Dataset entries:
☆ ☆ ☆ ☆
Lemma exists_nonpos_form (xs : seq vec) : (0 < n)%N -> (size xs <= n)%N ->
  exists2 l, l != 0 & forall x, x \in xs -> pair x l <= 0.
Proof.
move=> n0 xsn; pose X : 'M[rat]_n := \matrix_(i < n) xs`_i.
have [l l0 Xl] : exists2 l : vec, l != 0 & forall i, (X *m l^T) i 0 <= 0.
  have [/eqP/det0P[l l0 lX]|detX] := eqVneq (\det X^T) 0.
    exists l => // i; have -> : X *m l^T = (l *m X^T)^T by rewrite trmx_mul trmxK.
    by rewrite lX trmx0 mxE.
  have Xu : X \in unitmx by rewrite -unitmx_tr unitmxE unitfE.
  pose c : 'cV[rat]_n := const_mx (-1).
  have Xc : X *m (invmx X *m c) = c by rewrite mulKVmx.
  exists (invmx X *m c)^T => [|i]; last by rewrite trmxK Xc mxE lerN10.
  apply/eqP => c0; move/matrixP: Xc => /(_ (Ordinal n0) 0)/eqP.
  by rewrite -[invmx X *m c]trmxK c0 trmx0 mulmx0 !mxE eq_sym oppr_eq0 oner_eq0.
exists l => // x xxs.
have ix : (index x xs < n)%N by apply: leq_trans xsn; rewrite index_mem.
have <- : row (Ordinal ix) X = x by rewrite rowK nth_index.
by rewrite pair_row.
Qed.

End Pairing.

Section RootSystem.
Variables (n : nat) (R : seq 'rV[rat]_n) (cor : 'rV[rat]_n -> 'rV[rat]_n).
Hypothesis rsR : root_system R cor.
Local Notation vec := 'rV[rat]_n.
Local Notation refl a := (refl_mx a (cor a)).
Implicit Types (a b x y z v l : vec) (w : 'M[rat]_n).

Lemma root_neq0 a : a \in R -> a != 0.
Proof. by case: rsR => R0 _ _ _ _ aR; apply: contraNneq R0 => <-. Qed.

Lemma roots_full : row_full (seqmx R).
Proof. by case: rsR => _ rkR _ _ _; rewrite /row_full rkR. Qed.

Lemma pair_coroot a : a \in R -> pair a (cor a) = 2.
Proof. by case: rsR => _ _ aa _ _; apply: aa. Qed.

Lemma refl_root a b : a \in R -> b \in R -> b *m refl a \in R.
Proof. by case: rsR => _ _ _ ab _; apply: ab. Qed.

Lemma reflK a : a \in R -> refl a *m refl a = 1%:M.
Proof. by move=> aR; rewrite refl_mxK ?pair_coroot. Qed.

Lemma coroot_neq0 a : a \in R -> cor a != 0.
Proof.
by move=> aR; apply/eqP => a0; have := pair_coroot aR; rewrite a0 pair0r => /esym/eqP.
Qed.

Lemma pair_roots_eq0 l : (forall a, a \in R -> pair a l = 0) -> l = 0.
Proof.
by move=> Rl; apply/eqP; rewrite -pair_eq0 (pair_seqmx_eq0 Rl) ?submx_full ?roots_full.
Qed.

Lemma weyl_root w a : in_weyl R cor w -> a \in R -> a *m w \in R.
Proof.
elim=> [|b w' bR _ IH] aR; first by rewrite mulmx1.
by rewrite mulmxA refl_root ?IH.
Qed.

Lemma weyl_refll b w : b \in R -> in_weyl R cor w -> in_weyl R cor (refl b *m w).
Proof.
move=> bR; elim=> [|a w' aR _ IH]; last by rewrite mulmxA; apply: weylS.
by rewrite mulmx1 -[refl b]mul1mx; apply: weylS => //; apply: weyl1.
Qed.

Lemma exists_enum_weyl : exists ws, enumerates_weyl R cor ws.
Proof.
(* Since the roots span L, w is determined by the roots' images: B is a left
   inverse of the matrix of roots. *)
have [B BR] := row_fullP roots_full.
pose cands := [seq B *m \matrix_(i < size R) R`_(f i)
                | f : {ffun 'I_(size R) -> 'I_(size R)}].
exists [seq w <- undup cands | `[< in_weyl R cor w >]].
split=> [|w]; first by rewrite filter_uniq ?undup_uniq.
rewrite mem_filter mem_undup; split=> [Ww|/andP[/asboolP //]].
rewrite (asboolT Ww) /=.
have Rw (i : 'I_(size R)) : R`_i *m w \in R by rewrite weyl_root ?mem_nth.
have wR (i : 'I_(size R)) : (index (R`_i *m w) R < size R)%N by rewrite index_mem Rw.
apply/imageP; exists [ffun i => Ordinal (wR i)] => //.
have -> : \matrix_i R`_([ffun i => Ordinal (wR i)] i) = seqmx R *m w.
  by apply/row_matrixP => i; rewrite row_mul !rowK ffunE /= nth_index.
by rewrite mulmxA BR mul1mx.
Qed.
☆ ☆ ☆ ☆
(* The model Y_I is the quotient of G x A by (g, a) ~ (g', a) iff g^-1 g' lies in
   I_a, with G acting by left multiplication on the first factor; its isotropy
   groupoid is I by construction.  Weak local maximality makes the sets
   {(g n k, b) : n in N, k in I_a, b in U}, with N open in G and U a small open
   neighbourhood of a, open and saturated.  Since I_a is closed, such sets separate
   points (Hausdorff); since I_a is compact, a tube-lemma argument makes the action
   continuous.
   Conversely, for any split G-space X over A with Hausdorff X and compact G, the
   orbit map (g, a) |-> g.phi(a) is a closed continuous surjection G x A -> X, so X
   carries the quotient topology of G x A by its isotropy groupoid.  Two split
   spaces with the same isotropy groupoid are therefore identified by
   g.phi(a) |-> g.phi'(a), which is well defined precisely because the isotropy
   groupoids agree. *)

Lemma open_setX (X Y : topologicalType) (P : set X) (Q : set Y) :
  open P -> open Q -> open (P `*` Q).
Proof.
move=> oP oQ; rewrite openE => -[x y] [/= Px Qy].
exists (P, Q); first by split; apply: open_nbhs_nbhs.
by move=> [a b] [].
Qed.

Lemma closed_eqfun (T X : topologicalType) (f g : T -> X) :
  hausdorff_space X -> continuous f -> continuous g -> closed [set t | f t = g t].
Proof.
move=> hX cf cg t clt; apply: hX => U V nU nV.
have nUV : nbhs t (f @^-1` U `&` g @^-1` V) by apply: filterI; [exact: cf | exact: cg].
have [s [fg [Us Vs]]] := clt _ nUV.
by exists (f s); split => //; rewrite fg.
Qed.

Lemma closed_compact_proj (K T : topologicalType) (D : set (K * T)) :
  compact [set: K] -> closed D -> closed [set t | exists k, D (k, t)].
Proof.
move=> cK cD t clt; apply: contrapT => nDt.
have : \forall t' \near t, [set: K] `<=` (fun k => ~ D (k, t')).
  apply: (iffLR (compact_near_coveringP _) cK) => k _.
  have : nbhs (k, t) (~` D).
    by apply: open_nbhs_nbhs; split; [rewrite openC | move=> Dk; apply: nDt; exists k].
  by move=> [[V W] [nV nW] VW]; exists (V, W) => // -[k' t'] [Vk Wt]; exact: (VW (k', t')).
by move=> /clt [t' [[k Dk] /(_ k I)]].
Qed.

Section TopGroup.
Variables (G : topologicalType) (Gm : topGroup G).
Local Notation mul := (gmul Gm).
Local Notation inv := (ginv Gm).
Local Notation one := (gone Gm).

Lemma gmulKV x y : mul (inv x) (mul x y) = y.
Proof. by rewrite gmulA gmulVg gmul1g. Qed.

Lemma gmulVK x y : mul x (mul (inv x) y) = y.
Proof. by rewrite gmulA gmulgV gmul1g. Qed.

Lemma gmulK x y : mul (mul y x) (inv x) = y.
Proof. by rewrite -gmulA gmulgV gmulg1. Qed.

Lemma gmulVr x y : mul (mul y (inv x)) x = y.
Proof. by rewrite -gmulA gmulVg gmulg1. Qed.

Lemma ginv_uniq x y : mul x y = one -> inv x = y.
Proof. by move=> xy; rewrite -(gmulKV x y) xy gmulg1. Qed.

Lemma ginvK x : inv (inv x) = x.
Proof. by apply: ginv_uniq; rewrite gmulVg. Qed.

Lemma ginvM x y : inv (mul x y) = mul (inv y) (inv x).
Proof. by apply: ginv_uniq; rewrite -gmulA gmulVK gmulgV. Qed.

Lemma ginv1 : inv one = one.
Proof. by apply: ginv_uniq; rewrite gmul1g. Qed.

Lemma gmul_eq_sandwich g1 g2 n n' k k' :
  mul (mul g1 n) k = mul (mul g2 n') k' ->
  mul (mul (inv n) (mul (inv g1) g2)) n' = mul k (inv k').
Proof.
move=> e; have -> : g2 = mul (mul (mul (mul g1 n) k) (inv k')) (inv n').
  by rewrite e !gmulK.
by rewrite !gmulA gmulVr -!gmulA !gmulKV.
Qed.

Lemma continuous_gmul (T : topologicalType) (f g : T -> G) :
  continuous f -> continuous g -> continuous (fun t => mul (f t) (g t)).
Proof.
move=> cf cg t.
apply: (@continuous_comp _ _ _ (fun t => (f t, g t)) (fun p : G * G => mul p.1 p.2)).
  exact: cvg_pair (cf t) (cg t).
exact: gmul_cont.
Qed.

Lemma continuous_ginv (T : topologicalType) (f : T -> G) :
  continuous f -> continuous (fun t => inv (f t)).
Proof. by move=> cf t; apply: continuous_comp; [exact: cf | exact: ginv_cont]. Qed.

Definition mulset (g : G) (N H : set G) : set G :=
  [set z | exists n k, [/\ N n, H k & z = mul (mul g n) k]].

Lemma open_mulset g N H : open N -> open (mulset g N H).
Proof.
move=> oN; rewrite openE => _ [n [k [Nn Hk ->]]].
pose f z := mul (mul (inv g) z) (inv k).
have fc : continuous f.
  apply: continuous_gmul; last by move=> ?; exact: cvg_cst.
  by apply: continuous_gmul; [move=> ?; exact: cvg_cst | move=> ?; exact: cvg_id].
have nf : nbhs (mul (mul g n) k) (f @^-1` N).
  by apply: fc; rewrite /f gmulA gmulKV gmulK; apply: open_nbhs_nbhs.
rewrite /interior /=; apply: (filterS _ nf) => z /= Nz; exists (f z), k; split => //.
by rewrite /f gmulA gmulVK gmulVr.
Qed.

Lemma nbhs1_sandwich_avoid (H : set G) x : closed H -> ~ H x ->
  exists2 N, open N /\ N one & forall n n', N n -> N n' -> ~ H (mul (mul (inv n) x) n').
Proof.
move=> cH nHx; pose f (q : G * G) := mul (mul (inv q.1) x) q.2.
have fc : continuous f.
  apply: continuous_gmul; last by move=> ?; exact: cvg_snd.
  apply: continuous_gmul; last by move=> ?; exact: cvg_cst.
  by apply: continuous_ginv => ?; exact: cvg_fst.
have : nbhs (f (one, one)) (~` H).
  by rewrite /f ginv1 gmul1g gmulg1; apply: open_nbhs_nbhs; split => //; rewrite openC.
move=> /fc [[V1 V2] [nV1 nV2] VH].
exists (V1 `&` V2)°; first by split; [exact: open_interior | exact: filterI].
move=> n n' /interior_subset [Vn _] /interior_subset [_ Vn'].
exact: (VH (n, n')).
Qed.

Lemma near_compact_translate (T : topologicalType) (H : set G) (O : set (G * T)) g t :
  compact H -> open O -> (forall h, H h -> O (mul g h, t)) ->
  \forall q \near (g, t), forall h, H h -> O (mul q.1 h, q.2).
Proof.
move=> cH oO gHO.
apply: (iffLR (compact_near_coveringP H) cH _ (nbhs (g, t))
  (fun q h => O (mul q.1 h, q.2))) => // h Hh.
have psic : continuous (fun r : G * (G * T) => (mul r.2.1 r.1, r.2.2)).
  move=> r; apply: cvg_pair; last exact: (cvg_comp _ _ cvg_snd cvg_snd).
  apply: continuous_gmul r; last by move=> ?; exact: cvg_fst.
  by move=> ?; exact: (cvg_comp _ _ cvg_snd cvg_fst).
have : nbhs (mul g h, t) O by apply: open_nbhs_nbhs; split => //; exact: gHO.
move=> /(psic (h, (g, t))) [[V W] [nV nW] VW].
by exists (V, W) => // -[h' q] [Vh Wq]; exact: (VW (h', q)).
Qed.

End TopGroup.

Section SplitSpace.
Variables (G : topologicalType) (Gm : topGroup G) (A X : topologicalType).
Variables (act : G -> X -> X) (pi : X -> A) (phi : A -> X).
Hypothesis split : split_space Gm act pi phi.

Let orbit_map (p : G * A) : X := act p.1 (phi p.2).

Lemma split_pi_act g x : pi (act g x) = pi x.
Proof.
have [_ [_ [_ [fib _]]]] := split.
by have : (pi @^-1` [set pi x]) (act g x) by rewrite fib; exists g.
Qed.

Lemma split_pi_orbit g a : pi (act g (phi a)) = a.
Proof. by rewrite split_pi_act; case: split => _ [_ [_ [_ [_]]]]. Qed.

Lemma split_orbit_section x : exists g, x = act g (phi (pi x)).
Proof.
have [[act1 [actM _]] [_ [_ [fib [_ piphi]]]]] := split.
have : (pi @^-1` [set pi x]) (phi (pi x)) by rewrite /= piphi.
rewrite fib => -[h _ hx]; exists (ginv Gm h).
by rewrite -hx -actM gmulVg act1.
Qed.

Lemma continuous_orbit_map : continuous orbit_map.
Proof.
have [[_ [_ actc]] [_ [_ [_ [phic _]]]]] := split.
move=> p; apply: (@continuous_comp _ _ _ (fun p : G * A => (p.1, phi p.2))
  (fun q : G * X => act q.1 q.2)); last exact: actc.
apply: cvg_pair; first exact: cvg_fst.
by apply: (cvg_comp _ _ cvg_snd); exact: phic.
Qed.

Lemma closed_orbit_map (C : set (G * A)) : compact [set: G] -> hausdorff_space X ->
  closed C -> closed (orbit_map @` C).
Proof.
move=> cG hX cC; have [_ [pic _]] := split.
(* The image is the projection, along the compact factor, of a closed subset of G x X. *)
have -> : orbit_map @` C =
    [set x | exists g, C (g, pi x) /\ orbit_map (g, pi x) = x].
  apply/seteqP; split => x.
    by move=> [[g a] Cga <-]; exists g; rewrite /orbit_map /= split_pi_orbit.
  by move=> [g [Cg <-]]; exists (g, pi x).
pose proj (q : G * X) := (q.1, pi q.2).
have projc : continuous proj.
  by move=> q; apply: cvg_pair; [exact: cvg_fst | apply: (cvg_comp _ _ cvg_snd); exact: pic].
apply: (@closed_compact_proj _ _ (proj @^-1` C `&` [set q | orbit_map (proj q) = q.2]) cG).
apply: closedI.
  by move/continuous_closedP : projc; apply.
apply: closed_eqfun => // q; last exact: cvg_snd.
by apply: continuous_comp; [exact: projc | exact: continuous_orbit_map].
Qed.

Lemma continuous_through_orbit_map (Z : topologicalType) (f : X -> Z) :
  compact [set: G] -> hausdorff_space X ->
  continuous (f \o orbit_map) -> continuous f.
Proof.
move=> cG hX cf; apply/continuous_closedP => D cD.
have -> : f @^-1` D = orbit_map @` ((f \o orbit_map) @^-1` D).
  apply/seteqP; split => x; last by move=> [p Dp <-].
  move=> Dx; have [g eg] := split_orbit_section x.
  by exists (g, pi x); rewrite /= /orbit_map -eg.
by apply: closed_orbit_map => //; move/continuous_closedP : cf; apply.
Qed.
☆ ☆ ☆ ☆
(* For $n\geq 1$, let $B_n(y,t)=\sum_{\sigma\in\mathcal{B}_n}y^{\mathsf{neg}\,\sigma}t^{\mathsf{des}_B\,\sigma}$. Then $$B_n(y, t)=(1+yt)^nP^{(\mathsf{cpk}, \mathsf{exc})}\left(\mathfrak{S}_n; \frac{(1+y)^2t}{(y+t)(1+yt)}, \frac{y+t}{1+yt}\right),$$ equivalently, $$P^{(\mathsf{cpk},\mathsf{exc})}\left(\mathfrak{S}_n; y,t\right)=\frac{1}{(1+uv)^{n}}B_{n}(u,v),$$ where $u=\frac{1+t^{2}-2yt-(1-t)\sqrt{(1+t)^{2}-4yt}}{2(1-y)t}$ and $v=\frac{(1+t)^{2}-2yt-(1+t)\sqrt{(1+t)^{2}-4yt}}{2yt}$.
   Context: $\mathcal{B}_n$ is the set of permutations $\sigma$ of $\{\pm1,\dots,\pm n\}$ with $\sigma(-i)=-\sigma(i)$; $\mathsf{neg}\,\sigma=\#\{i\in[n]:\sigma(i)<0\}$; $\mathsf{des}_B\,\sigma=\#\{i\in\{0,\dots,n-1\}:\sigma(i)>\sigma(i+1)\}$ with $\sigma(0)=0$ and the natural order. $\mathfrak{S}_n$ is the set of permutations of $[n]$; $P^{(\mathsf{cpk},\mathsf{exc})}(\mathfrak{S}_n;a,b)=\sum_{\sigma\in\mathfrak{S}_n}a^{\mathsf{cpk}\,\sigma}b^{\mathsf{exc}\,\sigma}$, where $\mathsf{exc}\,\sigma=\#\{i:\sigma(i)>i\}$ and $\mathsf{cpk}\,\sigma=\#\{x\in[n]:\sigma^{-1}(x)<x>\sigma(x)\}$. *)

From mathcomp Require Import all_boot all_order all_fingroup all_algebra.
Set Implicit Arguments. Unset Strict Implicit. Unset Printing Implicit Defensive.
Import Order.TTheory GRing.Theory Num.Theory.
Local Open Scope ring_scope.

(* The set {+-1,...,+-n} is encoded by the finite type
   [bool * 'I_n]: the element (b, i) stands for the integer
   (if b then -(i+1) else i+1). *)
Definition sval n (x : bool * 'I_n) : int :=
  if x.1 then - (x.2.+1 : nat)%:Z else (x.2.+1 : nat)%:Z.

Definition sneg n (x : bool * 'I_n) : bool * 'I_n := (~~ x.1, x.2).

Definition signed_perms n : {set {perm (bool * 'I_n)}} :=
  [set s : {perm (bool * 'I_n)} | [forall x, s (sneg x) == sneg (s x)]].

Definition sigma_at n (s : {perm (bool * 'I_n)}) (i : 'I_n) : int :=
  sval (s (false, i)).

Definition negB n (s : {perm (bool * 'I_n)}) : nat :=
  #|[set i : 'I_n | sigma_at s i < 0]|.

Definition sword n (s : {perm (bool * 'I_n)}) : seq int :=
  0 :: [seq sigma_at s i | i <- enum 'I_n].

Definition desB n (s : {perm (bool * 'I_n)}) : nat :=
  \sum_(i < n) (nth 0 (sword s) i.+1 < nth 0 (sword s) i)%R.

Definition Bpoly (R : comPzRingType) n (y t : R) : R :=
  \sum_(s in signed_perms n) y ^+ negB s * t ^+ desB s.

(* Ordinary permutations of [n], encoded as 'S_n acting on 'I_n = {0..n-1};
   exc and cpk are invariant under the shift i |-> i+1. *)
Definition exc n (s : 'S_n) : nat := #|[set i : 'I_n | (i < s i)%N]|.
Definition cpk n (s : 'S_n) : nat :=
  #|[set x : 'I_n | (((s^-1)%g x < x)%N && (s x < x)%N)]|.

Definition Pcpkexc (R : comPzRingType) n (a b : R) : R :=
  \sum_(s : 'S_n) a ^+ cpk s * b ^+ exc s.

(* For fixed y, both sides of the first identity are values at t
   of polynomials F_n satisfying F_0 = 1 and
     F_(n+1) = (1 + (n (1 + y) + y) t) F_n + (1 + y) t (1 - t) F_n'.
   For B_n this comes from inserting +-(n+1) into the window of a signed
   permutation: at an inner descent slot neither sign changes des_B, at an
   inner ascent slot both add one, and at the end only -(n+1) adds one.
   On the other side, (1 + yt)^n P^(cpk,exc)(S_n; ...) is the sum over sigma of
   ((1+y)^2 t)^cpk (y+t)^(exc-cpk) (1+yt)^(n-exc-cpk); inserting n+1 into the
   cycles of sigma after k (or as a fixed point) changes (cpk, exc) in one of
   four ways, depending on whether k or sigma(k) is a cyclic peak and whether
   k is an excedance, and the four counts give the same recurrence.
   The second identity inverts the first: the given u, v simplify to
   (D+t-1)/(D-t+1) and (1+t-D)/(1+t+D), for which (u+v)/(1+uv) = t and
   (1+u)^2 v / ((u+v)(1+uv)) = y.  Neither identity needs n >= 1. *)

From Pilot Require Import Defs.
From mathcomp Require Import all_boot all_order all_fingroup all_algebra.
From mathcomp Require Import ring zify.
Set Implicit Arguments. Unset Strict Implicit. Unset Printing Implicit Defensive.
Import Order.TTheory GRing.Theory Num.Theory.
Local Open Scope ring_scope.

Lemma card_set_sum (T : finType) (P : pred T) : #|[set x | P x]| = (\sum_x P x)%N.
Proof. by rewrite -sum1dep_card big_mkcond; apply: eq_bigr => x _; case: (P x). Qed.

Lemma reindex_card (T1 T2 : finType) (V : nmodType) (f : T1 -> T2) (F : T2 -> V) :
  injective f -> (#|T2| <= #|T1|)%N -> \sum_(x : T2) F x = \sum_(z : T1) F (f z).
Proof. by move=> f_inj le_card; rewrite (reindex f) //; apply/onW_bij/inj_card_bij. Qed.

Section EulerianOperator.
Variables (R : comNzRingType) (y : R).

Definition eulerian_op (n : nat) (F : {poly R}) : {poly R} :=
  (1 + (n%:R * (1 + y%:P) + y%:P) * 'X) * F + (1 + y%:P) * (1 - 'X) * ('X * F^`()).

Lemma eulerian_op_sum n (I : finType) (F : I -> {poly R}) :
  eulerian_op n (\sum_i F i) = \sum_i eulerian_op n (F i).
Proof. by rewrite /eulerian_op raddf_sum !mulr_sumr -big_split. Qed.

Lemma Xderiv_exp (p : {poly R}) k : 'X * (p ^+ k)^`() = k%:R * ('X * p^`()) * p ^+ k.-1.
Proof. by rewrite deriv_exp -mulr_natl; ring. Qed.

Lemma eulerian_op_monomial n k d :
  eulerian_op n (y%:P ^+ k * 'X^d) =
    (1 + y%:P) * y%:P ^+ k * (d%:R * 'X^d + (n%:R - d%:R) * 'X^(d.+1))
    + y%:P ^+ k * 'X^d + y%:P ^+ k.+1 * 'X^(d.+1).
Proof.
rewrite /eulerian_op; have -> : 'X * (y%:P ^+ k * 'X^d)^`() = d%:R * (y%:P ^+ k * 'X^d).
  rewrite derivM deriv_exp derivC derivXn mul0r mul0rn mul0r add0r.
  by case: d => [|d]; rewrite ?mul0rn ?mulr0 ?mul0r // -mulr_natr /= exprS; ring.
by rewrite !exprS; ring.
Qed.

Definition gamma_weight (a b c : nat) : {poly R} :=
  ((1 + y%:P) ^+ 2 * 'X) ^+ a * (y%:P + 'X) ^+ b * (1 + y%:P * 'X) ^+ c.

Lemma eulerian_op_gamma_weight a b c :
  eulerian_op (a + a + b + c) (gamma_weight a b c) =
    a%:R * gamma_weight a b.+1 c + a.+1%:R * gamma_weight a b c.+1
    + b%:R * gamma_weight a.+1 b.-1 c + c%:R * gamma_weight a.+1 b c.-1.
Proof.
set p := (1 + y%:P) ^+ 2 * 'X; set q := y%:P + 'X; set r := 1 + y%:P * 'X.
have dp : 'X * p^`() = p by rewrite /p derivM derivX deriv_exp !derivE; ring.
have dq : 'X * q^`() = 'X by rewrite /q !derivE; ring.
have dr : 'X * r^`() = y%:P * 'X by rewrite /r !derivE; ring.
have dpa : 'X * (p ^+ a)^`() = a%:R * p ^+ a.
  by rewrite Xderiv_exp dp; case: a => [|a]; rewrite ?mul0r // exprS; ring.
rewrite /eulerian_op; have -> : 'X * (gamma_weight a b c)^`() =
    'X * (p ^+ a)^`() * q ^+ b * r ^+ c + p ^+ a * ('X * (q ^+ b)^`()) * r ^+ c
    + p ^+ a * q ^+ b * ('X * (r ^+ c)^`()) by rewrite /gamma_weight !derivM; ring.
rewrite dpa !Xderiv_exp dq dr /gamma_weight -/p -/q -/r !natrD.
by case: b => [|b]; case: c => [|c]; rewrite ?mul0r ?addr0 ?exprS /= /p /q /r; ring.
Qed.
☆ ☆ ☆ ☆
[What you have to do] Look for the string "psic" in the data above and return every line that has it.

[Output for this exercise]
have psic : continuous (fun r : G * (G * T) => (mul r.2.1 r.1, r.2.2)).
move=> /(psic (h, (g, t))) [[V W] [nV nW] VW].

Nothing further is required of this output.